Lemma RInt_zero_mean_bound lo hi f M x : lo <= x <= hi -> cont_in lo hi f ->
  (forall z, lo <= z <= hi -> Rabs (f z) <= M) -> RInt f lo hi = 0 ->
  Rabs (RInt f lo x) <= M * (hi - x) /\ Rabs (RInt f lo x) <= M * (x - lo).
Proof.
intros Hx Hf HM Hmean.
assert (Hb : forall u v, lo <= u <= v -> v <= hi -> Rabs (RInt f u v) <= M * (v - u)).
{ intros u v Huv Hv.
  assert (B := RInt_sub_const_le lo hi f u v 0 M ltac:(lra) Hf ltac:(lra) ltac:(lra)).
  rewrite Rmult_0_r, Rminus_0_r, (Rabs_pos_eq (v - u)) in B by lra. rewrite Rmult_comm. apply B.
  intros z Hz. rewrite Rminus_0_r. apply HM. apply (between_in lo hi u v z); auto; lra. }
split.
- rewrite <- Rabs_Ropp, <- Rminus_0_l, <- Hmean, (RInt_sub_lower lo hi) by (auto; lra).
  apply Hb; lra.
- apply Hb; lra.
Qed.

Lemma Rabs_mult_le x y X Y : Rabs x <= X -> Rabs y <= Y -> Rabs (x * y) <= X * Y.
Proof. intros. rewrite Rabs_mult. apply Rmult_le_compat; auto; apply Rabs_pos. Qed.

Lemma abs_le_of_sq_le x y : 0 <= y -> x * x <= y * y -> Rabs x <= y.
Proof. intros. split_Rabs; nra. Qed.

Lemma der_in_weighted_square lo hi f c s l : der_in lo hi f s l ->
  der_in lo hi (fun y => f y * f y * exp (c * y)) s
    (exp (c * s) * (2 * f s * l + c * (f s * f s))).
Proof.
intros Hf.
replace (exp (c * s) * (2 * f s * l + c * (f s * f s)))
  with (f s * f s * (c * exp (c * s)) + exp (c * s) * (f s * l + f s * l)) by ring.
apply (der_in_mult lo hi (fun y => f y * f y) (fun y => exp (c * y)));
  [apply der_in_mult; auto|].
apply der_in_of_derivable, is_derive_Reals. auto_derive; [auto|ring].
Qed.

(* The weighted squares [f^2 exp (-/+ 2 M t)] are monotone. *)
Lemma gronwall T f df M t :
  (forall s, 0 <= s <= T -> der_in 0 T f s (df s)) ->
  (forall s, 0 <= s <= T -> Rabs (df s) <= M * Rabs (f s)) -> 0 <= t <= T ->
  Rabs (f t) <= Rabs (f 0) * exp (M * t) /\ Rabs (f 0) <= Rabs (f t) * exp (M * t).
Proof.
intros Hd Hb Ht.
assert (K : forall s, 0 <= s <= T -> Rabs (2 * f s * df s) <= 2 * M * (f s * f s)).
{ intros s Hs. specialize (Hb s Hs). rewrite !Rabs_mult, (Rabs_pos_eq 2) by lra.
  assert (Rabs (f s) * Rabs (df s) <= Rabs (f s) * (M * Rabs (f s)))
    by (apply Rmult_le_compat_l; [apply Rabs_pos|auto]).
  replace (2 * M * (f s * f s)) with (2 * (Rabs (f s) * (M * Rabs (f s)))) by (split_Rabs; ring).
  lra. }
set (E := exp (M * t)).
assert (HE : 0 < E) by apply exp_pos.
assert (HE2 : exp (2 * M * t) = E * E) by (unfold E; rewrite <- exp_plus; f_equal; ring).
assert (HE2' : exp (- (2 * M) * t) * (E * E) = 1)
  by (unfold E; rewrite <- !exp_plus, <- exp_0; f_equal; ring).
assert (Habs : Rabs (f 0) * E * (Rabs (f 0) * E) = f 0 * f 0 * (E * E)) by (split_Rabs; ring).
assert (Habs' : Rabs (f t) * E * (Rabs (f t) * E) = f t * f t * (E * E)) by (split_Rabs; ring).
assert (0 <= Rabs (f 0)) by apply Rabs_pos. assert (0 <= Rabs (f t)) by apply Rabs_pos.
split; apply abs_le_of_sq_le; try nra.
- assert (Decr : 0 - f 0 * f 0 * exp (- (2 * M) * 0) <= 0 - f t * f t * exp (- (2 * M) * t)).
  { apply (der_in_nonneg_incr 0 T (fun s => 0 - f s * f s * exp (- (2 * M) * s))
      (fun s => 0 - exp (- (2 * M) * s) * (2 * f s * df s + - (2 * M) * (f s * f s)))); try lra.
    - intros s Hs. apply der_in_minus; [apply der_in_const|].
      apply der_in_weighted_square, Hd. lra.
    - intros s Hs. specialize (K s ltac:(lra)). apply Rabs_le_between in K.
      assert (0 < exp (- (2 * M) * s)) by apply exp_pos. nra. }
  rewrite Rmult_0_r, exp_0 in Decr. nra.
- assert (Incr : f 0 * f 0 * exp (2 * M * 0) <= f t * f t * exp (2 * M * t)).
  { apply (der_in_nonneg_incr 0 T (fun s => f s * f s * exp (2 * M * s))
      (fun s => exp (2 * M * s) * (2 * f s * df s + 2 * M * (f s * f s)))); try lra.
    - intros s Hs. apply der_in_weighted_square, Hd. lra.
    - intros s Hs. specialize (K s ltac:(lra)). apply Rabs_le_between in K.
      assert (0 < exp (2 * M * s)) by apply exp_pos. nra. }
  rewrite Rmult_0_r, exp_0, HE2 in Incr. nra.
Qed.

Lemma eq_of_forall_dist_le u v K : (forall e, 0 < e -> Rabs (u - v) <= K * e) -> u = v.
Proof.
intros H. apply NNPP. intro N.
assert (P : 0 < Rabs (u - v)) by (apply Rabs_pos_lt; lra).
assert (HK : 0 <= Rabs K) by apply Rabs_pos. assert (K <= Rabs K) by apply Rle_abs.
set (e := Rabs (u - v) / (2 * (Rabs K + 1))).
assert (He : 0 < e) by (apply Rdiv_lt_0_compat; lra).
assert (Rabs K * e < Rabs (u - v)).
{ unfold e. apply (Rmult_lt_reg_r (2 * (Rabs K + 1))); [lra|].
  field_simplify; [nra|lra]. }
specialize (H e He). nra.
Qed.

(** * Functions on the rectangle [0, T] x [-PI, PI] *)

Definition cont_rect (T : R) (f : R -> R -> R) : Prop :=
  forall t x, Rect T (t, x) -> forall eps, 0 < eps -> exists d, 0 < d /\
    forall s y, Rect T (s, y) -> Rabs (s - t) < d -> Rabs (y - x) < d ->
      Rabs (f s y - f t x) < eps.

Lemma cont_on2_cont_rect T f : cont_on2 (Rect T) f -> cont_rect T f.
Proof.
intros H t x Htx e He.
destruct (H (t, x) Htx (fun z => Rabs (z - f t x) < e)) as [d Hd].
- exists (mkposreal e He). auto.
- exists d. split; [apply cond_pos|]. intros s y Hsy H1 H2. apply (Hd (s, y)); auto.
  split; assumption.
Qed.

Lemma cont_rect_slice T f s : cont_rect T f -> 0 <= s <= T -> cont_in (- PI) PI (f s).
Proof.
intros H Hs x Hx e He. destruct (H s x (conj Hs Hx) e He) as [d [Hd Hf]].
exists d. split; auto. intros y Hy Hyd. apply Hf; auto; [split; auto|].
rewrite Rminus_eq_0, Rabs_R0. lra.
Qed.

##############################

→ EXERCISE BRIEF
Each line above is to be reproduced exactly.

→ ANSWER SECTION
Lemma RInt_zero_mean_bound lo hi f M x : lo <= x <= hi -> cont_in lo hi f ->
  (forall z, lo <= z <= hi -> Rabs (f z) <= M) -> RInt f lo hi = 0 ->
  Rabs (RInt f lo x) <= M * (hi - x) /\ Rabs (RInt f lo x) <= M * (x - lo).
Proof.
intros Hx Hf HM Hmean.
assert (Hb : forall u v, lo <= u <= v -> v <= hi -> Rabs (RInt f u v) <= M * (v - u)).
{ intros u v Huv Hv.
  assert (B := RInt_sub_const_le lo hi f u v 0 M ltac:(lra) Hf ltac:(lra) ltac:(lra)).
  rewrite Rmult_0_r, Rminus_0_r, (Rabs_pos_eq (v - u)) in B by lra. rewrite Rmult_comm. apply B.
  intros z Hz. rewrite Rminus_0_r. apply HM. apply (between_in lo hi u v z); auto; lra. }
split.
- rewrite <- Rabs_Ropp, <- Rminus_0_l, <- Hmean, (RInt_sub_lower lo hi) by (auto; lra).
  apply Hb; lra.
- apply Hb; lra.
Qed.

Lemma Rabs_mult_le x y X Y : Rabs x <= X -> Rabs y <= Y -> Rabs (x * y) <= X * Y.
Proof. intros. rewrite Rabs_mult. apply Rmult_le_compat; auto; apply Rabs_pos. Qed.

Lemma abs_le_of_sq_le x y : 0 <= y -> x * x <= y * y -> Rabs x <= y.
Proof. intros. split_Rabs; nra. Qed.

Lemma der_in_weighted_square lo hi f c s l : der_in lo hi f s l ->
  der_in lo hi (fun y => f y * f y * exp (c * y)) s
    (exp (c * s) * (2 * f s * l + c * (f s * f s))).
Proof.
intros Hf.
replace (exp (c * s) * (2 * f s * l + c * (f s * f s)))
  with (f s * f s * (c * exp (c * s)) + exp (c * s) * (f s * l + f s * l)) by ring.
apply (der_in_mult lo hi (fun y => f y * f y) (fun y => exp (c * y)));
  [apply der_in_mult; auto|].
apply der_in_of_derivable, is_derive_Reals. auto_derive; [auto|ring].
Qed.

(* The weighted squares [f^2 exp (-/+ 2 M t)] are monotone. *)
Lemma gronwall T f df M t :
  (forall s, 0 <= s <= T -> der_in 0 T f s (df s)) ->
  (forall s, 0 <= s <= T -> Rabs (df s) <= M * Rabs (f s)) -> 0 <= t <= T ->
  Rabs (f t) <= Rabs (f 0) * exp (M * t) /\ Rabs (f 0) <= Rabs (f t) * exp (M * t).
Proof.
intros Hd Hb Ht.
assert (K : forall s, 0 <= s <= T -> Rabs (2 * f s * df s) <= 2 * M * (f s * f s)).
{ intros s Hs. specialize (Hb s Hs). rewrite !Rabs_mult, (Rabs_pos_eq 2) by lra.
  assert (Rabs (f s) * Rabs (df s) <= Rabs (f s) * (M * Rabs (f s)))
    by (apply Rmult_le_compat_l; [apply Rabs_pos|auto]).
  replace (2 * M * (f s * f s)) with (2 * (Rabs (f s) * (M * Rabs (f s)))) by (split_Rabs; ring).
  lra. }
set (E := exp (M * t)).
assert (HE : 0 < E) by apply exp_pos.
assert (HE2 : exp (2 * M * t) = E * E) by (unfold E; rewrite <- exp_plus; f_equal; ring).
assert (HE2' : exp (- (2 * M) * t) * (E * E) = 1)
  by (unfold E; rewrite <- !exp_plus, <- exp_0; f_equal; ring).
assert (Habs : Rabs (f 0) * E * (Rabs (f 0) * E) = f 0 * f 0 * (E * E)) by (split_Rabs; ring).
assert (Habs' : Rabs (f t) * E * (Rabs (f t) * E) = f t * f t * (E * E)) by (split_Rabs; ring).
assert (0 <= Rabs (f 0)) by apply Rabs_pos. assert (0 <= Rabs (f t)) by apply Rabs_pos.
split; apply abs_le_of_sq_le; try nra.
- assert (Decr : 0 - f 0 * f 0 * exp (- (2 * M) * 0) <= 0 - f t * f t * exp (- (2 * M) * t)).
  { apply (der_in_nonneg_incr 0 T (fun s => 0 - f s * f s * exp (- (2 * M) * s))
      (fun s => 0 - exp (- (2 * M) * s) * (2 * f s * df s + - (2 * M) * (f s * f s)))); try lra.
    - intros s Hs. apply der_in_minus; [apply der_in_const|].
      apply der_in_weighted_square, Hd. lra.
    - intros s Hs. specialize (K s ltac:(lra)). apply Rabs_le_between in K.
      assert (0 < exp (- (2 * M) * s)) by apply exp_pos. nra. }
  rewrite Rmult_0_r, exp_0 in Decr. nra.
- assert (Incr : f 0 * f 0 * exp (2 * M * 0) <= f t * f t * exp (2 * M * t)).
  { apply (der_in_nonneg_incr 0 T (fun s => f s * f s * exp (2 * M * s))
      (fun s => exp (2 * M * s) * (2 * f s * df s + 2 * M * (f s * f s)))); try lra.
    - intros s Hs. apply der_in_weighted_square, Hd. lra.
    - intros s Hs. specialize (K s ltac:(lra)). apply Rabs_le_between in K.
      assert (0 < exp (2 * M * s)) by apply exp_pos. nra. }
  rewrite Rmult_0_r, exp_0, HE2 in Incr. nra.
Qed.

Lemma eq_of_forall_dist_le u v K : (forall e, 0 < e -> Rabs (u - v) <= K * e) -> u = v.
Proof.
intros H. apply NNPP. intro N.
assert (P : 0 < Rabs (u - v)) by (apply Rabs_pos_lt; lra).
assert (HK : 0 <= Rabs K) by apply Rabs_pos. assert (K <= Rabs K) by apply Rle_abs.
set (e := Rabs (u - v) / (2 * (Rabs K + 1))).
assert (He : 0 < e) by (apply Rdiv_lt_0_compat; lra).
assert (Rabs K * e < Rabs (u - v)).
{ unfold e. apply (Rmult_lt_reg_r (2 * (Rabs K + 1))); [lra|].
  field_simplify; [nra|lra]. }
specialize (H e He). nra.
Qed.

(** * Functions on the rectangle [0, T] x [-PI, PI] *)

Definition cont_rect (T : R) (f : R -> R -> R) : Prop :=
  forall t x, Rect T (t, x) -> forall eps, 0 < eps -> exists d, 0 < d /\
    forall s y, Rect T (s, y) -> Rabs (s - t) < d -> Rabs (y - x) < d ->
      Rabs (f s y - f t x) < eps.

Lemma cont_on2_cont_rect T f : cont_on2 (Rect T) f -> cont_rect T f.
Proof.
intros H t x Htx e He.
destruct (H (t, x) Htx (fun z => Rabs (z - f t x) < e)) as [d Hd].
- exists (mkposreal e He). auto.
- exists d. split; [apply cond_pos|]. intros s y Hsy H1 H2. apply (Hd (s, y)); auto.
  split; assumption.
Qed.

Lemma cont_rect_slice T f s : cont_rect T f -> 0 <= s <= T -> cont_in (- PI) PI (f s).
Proof.
intros H Hs x Hx e He. destruct (H s x (conj Hs Hx) e He) as [d [Hd Hf]].
exists d. split; auto. intros y Hy Hyd. apply Hf; auto; [split; auto|].
rewrite Rminus_eq_0, Rabs_R0. lra.
Qed.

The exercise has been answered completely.